6 responses to “Diversity, Multiculturalism, and Social Justice – Part 3

  1. Hey Vijay, my name’s Dan and I’m one of Sumi’s students. I like the distinctions you’re making between multiculturalism, diversity, and social justice. In fact, I see these distinctions not only played out in school administrations, but also Los Angeles politics. Tom Bradley’s “rainbow coalition” , while it did increase the representation of people of color in public service positions, had its limits in the actual economic gains for inner city communities, as we see in the 1992 LA uprisings. Bradley’s imagination of the city was still based on traditional growth politics, which heavily relied on this idea that growth is value neutral and what’s good for downtown is good for the whole city.

    Post 1992, and especially after 2000, I think we’re starting to see a shift from growth with diversity towards growth with equity (if that’s even possible). The Los Angeles Alliance for the New Economy, SCOPE, and a variety of other urban community groups are, I believe, leading a community-based imagination of Los Angeles, but this too has its limits. We see this with the Community Benefits Agreement with the development of L.A. Live or the Campaign for Clean and Safe ports, both of which tried to rework major economic developments.

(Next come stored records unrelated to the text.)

Lemma Phi_is_linear w : linear (Phi w).
Proof.
move=> c p q; set r := undup (msupp p ++ msupp q).
have Ur : uniq r by apply: undup_uniq.
have Sp : {subset msupp p <= r} by move=> x Hx; rewrite mem_undup mem_cat Hx.
have Sq : {subset msupp q <= r} by move=> x Hx; rewrite mem_undup mem_cat Hx orbT.
have Spq : {subset msupp (c *: p + q) <= r}.
  move=> x /msuppD_le; rewrite mem_cat => /orP [/msuppZ_le|]; [exact: Sp|exact: Sq].
rewrite (Phi_seq _ Ur Spq) (Phi_seq _ Ur Sp) (Phi_seq _ Ur Sq).
rewrite scaler_sumr -big_split /=; apply: eq_bigr => xi _.
by rewrite mcoeffD mcoeffZ scalerDl scalerA.
Qed.

HB.instance Definition _ (w : W) :=
  GRing.isLinear.Build k T T *:%R (Phi w) (Phi_is_linear w).

Lemma PhiZ w (c : k) p : Phi w (c *: p) = c *: Phi w p.
Proof. exact: linearZ. Qed.

Lemma Phi_sum w (I : Type) (r : seq I) (F : I -> T) :
  Phi w (\sum_(i <- r) F i) = \sum_(i <- r) Phi w (F i).
Proof. exact: raddf_sum. Qed.

Lemma Phi_X w xi : Phi w 'X_[xi] = phi_mon w xi.
Proof. by rewrite /Phi msuppX big_seq1 mcoeffX eqxx scale1r. Qed.

Lemma phi_mon_lin c w w' xi :
  phi_mon (c *: w + w') xi = c *: phi_mon w xi + phi_mon w' xi.
Proof.
have coef_lin i nu : phi_coef (c *: w + w') i nu xi =
    c * phi_coef w i nu xi + phi_coef w' i nu xi.
  by rewrite /phi_coef; case: ifP => _; rewrite ?entry_lin // mulr0 addr0.
rewrite /phi_mon; case: pick_gen => [i|]; last by rewrite scaler0 addr0.
rewrite scaler_sumr -big_split; apply: eq_bigr => s _ /=.
rewrite scaler_sumr -big_split; apply: eq_bigr => t _ /=.
by rewrite coef_lin scalerDl scalerA.
Qed.

Definition PhiAt (p : T) (w : W) : T := Phi w p.

Lemma PhiAt_is_linear p : linear (PhiAt p).
Proof.
move=> c w w'; rewrite /PhiAt /Phi scaler_sumr -big_split.
by apply: eq_bigr => xi _ /=; rewrite phi_mon_lin scalerDr !scalerA mulrC.
Qed.

HB.instance Definition _ (p : T) :=
  GRing.isLinear.Build k W T *:%R (PhiAt p) (PhiAt_is_linear p).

    Drawing from bell hooks, I’m starting to see social justice based in social movement that is fundamentally about how to help each other love better. We critique not to say that you’re evil and racist, but rather that structures and culture have reproduced inequity, that often we’re complicit in this reproduction. This confines the freedom of all people to reach their potential, to better humanity, to love each other. As Freire discusses, the oppressed and the oppressor must work in fellowship and solidarity to redefine more human roles for each other.

    I’ve been doing some writing about this, and I’d love your opinion if you have some time! tiny.cc/YADDanStory

    Thanks for the blog!

    best,
    dan

    • Hi Dan, thanks for the feedback and awesome reflection! I just read the “Introduction to Dan” section of your blog and am wowed by your honesty and insightful reflection. Love your writing style and look forward to reading more of your work. How come you don’t set up an online blog? Why google docs?

  2. Vijay -

    Great collection of posts breaking down these three words/terms. I think you defined each one well — in a way that is accessible for both “seasoned” and new folks committing to social justice education. Keep on writing!

    • Julie, that’s great to hear that you think I struck the balance well. I worry about that – how to capture the important nuance and complexity of issues without losing audience members that aren’t as familiar with the work.

      Thanks for the feedback, Julie!

  3. I agree with Julie. You are achieving praxis between scholarly and theoretical foundations of Diversity, multiculturalism, and social justice while making the concepts themselves digestible and practical for reader and all levels of understanding. Theory has never been my strong suit. :) I like to define ‘social justice” as “activism”. I feel like we need to expand activism more broadly then we do contemporarily. It’s about more than marching and letter writing. activism is a lived, day to day, experience in my opinion. I’m reminded of a quote from a DUke faculty member Robyn Wiegman, “Activism is a negotiation with the present.” Oh, also, I loved your breakdown of social justice/activism. it really puts social justice work into perspective.

    • Marty, thanks for the great feedback! I like the framing of activism around the way we live our lives. A close colleague of mine at DePaul always challenges students to evaluate the worth of their college education not by what they think after college, but by how they live.